Lemma transportK n m w (S0 : dsub n d) (U0 : dsub m d) (f : OmegaAmb P n w) :
  inOmega f -> transport n U0 (transport m S0 f) = f.
Proof.
move=> fO; apply/ffunP => S; rewrite !ffunE -mulmxA pf_mor_tens1_mul.
by rewrite mulmxA -[_ *m sel U0 *m _]mulmxA sel_mul_tr_id mulmx1 -inOmega_sel.
Qed.

Section FrameMap.
Variables (n m w : nat) (S0 : dsub n d) (f : OmegaAmb P n w).
Hypothesis fO : inOmega f.

Definition frame_map (r : 'M[K]_(d, m)) := f S0 *m pf_mor P (1%:M *t ((sel S0)^T *m r)).

Definition plucker_expansion (r : 'M[K]_(d, m)) :=
  \sum_(T : dsub m d) \det (r *m (sel T)^T) *: frame_map (sel T).

Lemma frame_map_mulmx (X : 'M[K]_d) r : frame_map (X *m r) = \det X *: frame_map r.
Proof.
(* [X] acts through [(sel S0)^T X sel S0], whose only nonzero minor in row S0
   is [\det X]. *)
rewrite /frame_map.
have -> : (sel S0)^T *m (X *m r) = ((sel S0)^T *m X *m sel S0) *m ((sel S0)^T *m r).
  by rewrite !mulmxA -[_ *m sel S0 *m _]mulmxA sel_mul_tr_id mulmx1.
rewrite -pf_mor_tens1_mul mulmxA -inOmega_all // (bigD1 S0) //= big1 ?addr0.
  rewrite minorE !mulmxA sel_mul_tr_id mul1mx -mulmxA det_mulmx det_sel_mul_tr eqxx.
  by rewrite mulr1 scalemxAl.
move=> T neTS0; rewrite minorE !mulmxA sel_mul_tr_id mul1mx -mulmxA det_mulmx.
by rewrite det_sel_mul_tr eq_sym (negPf neTS0) mulr0 scale0r.
Qed.

Lemma frame_map_map_horner (Rp : 'M[{poly K}]_(d, m)) :
  exists p, forall t, frame_map (map_mx (horner_eval t) Rp) = map_mx (horner_eval t) p.
Proof.
have [Pp PPp] := pf_mor_map_horner ((1%:M : 'M_w) *t (map_mx polyC (sel S0)^T *m Rp)).
exists (map_mx polyC (f S0) *m Pp) => t.
by rewrite /frame_map map_mxM map_mx_hornerC -PPp map_mxT map_mx1 map_mxM map_mx_hornerC.
Qed.

Lemma frame_map_multilinear : row_multilinear frame_map.
Proof.
move=> A k a u v.
have psiZ c x : frame_map (row_set A k (c *: x)) = c *: frame_map (row_set A k x).
  by rewrite row_setZ frame_map_mulmx det_diag_single.
rewrite -psiZ.
apply: (homogeneous_additive charK0 (psi := fun x => frame_map (row_set A k x))).
  exact: psiZ.
move=> x y; have [p Hp] := frame_map_map_horner
  (row_set (map_mx polyC A) k (map_mx polyC x + 'X *: map_mx polyC y)).
exists p => t; rewrite -Hp map_row_set map_mxD map_mxZ !map_mx_hornerC /=.
by rewrite horner_evalE hornerX.
Qed.

Lemma plucker_expansion_multilinear : row_multilinear plucker_expansion.
Proof.
move=> A k a u v; rewrite /plucker_expansion scaler_sumr -big_split; apply: eq_bigr => T _.
by rewrite det_row_set_mulmx scalerDl scalerA.
Qed.

Lemma plucker_expansion_mulmx (X : 'M[K]_d) r :
  plucker_expansion (X *m r) = \det X *: plucker_expansion r.
Proof.
rewrite /plucker_expansion scaler_sumr; apply: eq_bigr => T _.
by rewrite -mulmxA det_mulmx scalerA.
Qed.

Lemma plucker_expansion_sel U : plucker_expansion (sel U) = frame_map (sel U).
Proof.
rewrite /plucker_expansion (bigD1 U) //= big1 ?addr0 => [|T neTU];
  rewrite det_sel_mul_tr ?eqxx ?scale1r //.
by rewrite eq_sym (negPf neTU) scale0r.
Qed.

Hypothesis hm : (d <= m)%N.

Lemma frame_map_plucker r : frame_map r = plucker_expansion r.
Proof.
apply/eqP; rewrite -subr_eq0; apply/eqP; move: r.
apply: (row_multilinear_eq0 (F := fun r => frame_map r - plucker_expansion r)).
  move=> A k a u v.
  by rewrite frame_map_multilinear plucker_expansion_multilinear scalerBr opprD addrACA.
(* [rowsub J 1%:M] factors through [sel U] for a d-subset U containing the
   image of J. *)
move=> J; have [U sJU /eqP cardU] :
    exists2 U : {set 'I_m}, [set J i | i in 'I_d] \subset U & #|U| = d.
  apply: exists_superset_card.
  by rewrite card_ord hm andbT -[X in (_ <= X)%N]card_ord leq_imset_card.
pose U' : dsub m d := exist _ U cardU.
have [k Jk] : exists k : 'I_d -> 'I_d, forall i, dsub_enum U' (k i) = J i.
  apply: (@fin_all_exists _ (fun=> 'I_d) (fun i s => dsub_enum U' s = J i)) => i.
  by apply: dsub_enum_surj; apply: (subsetP sJU); apply: imset_f.
have -> : rowsub J (1%:M : 'M[K]_m) = rowsub k 1%:M *m sel U'.
  by rewrite -rowsubE /sel -rowsub_comp; apply/matrixP => i j; rewrite !mxE /= Jk.
rewrite frame_map_mulmx plucker_expansion_mulmx -scalerBr plucker_expansion_sel.
by rewrite subrr scaler0.
Qed.

Lemma transport_inOmega : inOmega (transport m S0 f).
Proof.
move=> g _ U; rewrite ffunE -mulmxA pf_mor_tens1_mul -mulmxA.
rewrite -/(frame_map (sel U *m g)) frame_map_plucker; apply: eq_bigr => T _.
by rewrite ffunE minorE.
Qed.
End FrameMap.
End Omega.

Lemma card_widen_ord_set n d (hdn : (d <= n)%N) : #|[set widen_ord hdn i | i in 'I_d]| == d.
Proof. by rewrite card_imset ?card_ord // => i j [] /val_inj. Qed.

Definition dsub_widen n d (hdn : (d <= n)%N) : dsub n d :=
  exist (fun S : {set _} => #|S| == d) _ (card_widen_ord_set hdn).

Theorem mainTheorem12 (K : fieldType) (charK0 : [pchar K] =i pred0)
    (d n m : nat) (hn : (d <= n)%N) (hm : (d <= m)%N) (P : polyFunctor K d) :
  exists eta : forall w : nat, OmegaAmb P n w -> OmegaAmb P m w,
    (forall w : nat,
       (forall (a : K) (x y : OmegaAmb P n w), eta w (a *: x + y) = a *: eta w x + eta w y)
       /\ (forall x, inOmega x -> inOmega (eta w x))
       /\ (forall x y, inOmega x -> inOmega y -> eta w x = eta w y -> x = y)
       /\ (forall y, inOmega y -> exists2 x, inOmega x & eta w x = y))
    /\ (forall (w w' : nat) (h : 'M[K]_(w, w')) (x : OmegaAmb P n w),
          inOmega x -> eta w' (OmegaMap h x) = OmegaMap h (eta w x)).
Proof.
pose S0 := dsub_widen hn; pose U0 := dsub_widen hm.
exists (fun w => transport m S0 (w := w)); split=> [w|w w' h x _]; last first.
  exact: transport_OmegaMap.
split; first exact: transport_linear.
split; first by move=> x xO; apply: transport_inOmega.
split=> [x y xO yO eq_xy|y yO].
  by rewrite -(transportK charK0 S0 U0 xO) eq_xy transportK.
by exists (transport n U0 y); [apply: transport_inOmega | apply: transportK].
Qed.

*****

(What you have to do): Faithfully reproduce all of the material.

(Your response):
Lemma transportK n m w (S0 : dsub n d) (U0 : dsub m d) (f : OmegaAmb P n w) :
  inOmega f -> transport n U0 (transport m S0 f) = f.
Proof.
move=> fO; apply/ffunP => S; rewrite !ffunE -mulmxA pf_mor_tens1_mul.
by rewrite mulmxA -[_ *m sel U0 *m _]mulmxA sel_mul_tr_id mulmx1 -inOmega_sel.
Qed.

Section FrameMap.
Variables (n m w : nat) (S0 : dsub n d) (f : OmegaAmb P n w).
Hypothesis fO : inOmega f.

Definition frame_map (r : 'M[K]_(d, m)) := f S0 *m pf_mor P (1%:M *t ((sel S0)^T *m r)).

Definition plucker_expansion (r : 'M[K]_(d, m)) :=
  \sum_(T : dsub m d) \det (r *m (sel T)^T) *: frame_map (sel T).

Lemma frame_map_mulmx (X : 'M[K]_d) r : frame_map (X *m r) = \det X *: frame_map r.
Proof.
(* [X] acts through [(sel S0)^T X sel S0], whose only nonzero minor in row S0
   is [\det X]. *)
rewrite /frame_map.
have -> : (sel S0)^T *m (X *m r) = ((sel S0)^T *m X *m sel S0) *m ((sel S0)^T *m r).
  by rewrite !mulmxA -[_ *m sel S0 *m _]mulmxA sel_mul_tr_id mulmx1.
rewrite -pf_mor_tens1_mul mulmxA -inOmega_all // (bigD1 S0) //= big1 ?addr0.
  rewrite minorE !mulmxA sel_mul_tr_id mul1mx -mulmxA det_mulmx det_sel_mul_tr eqxx.
  by rewrite mulr1 scalemxAl.
move=> T neTS0; rewrite minorE !mulmxA sel_mul_tr_id mul1mx -mulmxA det_mulmx.
by rewrite det_sel_mul_tr eq_sym (negPf neTS0) mulr0 scale0r.
Qed.

Lemma frame_map_map_horner (Rp : 'M[{poly K}]_(d, m)) :
  exists p, forall t, frame_map (map_mx (horner_eval t) Rp) = map_mx (horner_eval t) p.
Proof.
have [Pp PPp] := pf_mor_map_horner ((1%:M : 'M_w) *t (map_mx polyC (sel S0)^T *m Rp)).
exists (map_mx polyC (f S0) *m Pp) => t.
by rewrite /frame_map map_mxM map_mx_hornerC -PPp map_mxT map_mx1 map_mxM map_mx_hornerC.
Qed.

Lemma frame_map_multilinear : row_multilinear frame_map.
Proof.
move=> A k a u v.
have psiZ c x : frame_map (row_set A k (c *: x)) = c *: frame_map (row_set A k x).
  by rewrite row_setZ frame_map_mulmx det_diag_single.
rewrite -psiZ.
apply: (homogeneous_additive charK0 (psi := fun x => frame_map (row_set A k x))).
  exact: psiZ.
move=> x y; have [p Hp] := frame_map_map_horner
  (row_set (map_mx polyC A) k (map_mx polyC x + 'X *: map_mx polyC y)).
exists p => t; rewrite -Hp map_row_set map_mxD map_mxZ !map_mx_hornerC /=.
by rewrite horner_evalE hornerX.
Qed.

Lemma plucker_expansion_multilinear : row_multilinear plucker_expansion.
Proof.
move=> A k a u v; rewrite /plucker_expansion scaler_sumr -big_split; apply: eq_bigr => T _.
by rewrite det_row_set_mulmx scalerDl scalerA.
Qed.

Lemma plucker_expansion_mulmx (X : 'M[K]_d) r :
  plucker_expansion (X *m r) = \det X *: plucker_expansion r.
Proof.
rewrite /plucker_expansion scaler_sumr; apply: eq_bigr => T _.
by rewrite -mulmxA det_mulmx scalerA.
Qed.

Lemma plucker_expansion_sel U : plucker_expansion (sel U) = frame_map (sel U).
Proof.
rewrite /plucker_expansion (bigD1 U) //= big1 ?addr0 => [|T neTU];
  rewrite det_sel_mul_tr ?eqxx ?scale1r //.
by rewrite eq_sym (negPf neTU) scale0r.
Qed.

Hypothesis hm : (d <= m)%N.

Lemma frame_map_plucker r : frame_map r = plucker_expansion r.
Proof.
apply/eqP; rewrite -subr_eq0; apply/eqP; move: r.
apply: (row_multilinear_eq0 (F := fun r => frame_map r - plucker_expansion r)).
  move=> A k a u v.
  by rewrite frame_map_multilinear plucker_expansion_multilinear scalerBr opprD addrACA.
(* [rowsub J 1%:M] factors through [sel U] for a d-subset U containing the
   image of J. *)
move=> J; have [U sJU /eqP cardU] :
    exists2 U : {set 'I_m}, [set J i | i in 'I_d] \subset U & #|U| = d.
  apply: exists_superset_card.
  by rewrite card_ord hm andbT -[X in (_ <= X)%N]card_ord leq_imset_card.
pose U' : dsub m d := exist _ U cardU.
have [k Jk] : exists k : 'I_d -> 'I_d, forall i, dsub_enum U' (k i) = J i.
  apply: (@fin_all_exists _ (fun=> 'I_d) (fun i s => dsub_enum U' s = J i)) => i.
  by apply: dsub_enum_surj; apply: (subsetP sJU); apply: imset_f.
have -> : rowsub J (1%:M : 'M[K]_m) = rowsub k 1%:M *m sel U'.
  by rewrite -rowsubE /sel -rowsub_comp; apply/matrixP => i j; rewrite !mxE /= Jk.
rewrite frame_map_mulmx plucker_expansion_mulmx -scalerBr plucker_expansion_sel.
by rewrite subrr scaler0.
Qed.

Lemma transport_inOmega : inOmega (transport m S0 f).
Proof.
move=> g _ U; rewrite ffunE -mulmxA pf_mor_tens1_mul -mulmxA.
rewrite -/(frame_map (sel U *m g)) frame_map_plucker; apply: eq_bigr => T _.
by rewrite ffunE minorE.
Qed.
End FrameMap.
End Omega.

Lemma card_widen_ord_set n d (hdn : (d <= n)%N) : #|[set widen_ord hdn i | i in 'I_d]| == d.
Proof. by rewrite card_imset ?card_ord // => i j [] /val_inj. Qed.

Definition dsub_widen n d (hdn : (d <= n)%N) : dsub n d :=
  exist (fun S : {set _} => #|S| == d) _ (card_widen_ord_set hdn).

Theorem mainTheorem12 (K : fieldType) (charK0 : [pchar K] =i pred0)
    (d n m : nat) (hn : (d <= n)%N) (hm : (d <= m)%N) (P : polyFunctor K d) :
  exists eta : forall w : nat, OmegaAmb P n w -> OmegaAmb P m w,
    (forall w : nat,
       (forall (a : K) (x y : OmegaAmb P n w), eta w (a *: x + y) = a *: eta w x + eta w y)
       /\ (forall x, inOmega x -> inOmega (eta w x))
       /\ (forall x y, inOmega x -> inOmega y -> eta w x = eta w y -> x = y)
       /\ (forall y, inOmega y -> exists2 x, inOmega x & eta w x = y))
    /\ (forall (w w' : nat) (h : 'M[K]_(w, w')) (x : OmegaAmb P n w),
          inOmega x -> eta w' (OmegaMap h x) = OmegaMap h (eta w x)).
Proof.
pose S0 := dsub_widen hn; pose U0 := dsub_widen hm.
exists (fun w => transport m S0 (w := w)); split=> [w|w w' h x _]; last first.
  exact: transport_OmegaMap.
split; first exact: transport_linear.
split; first by move=> x xO; apply: transport_inOmega.
split=> [x y xO yO eq_xy|y yO].
  by rewrite -(transportK charK0 S0 U0 xO) eq_xy transportK.
by exists (transport n U0 y); [apply: transport_inOmega | apply: transportK].
Qed.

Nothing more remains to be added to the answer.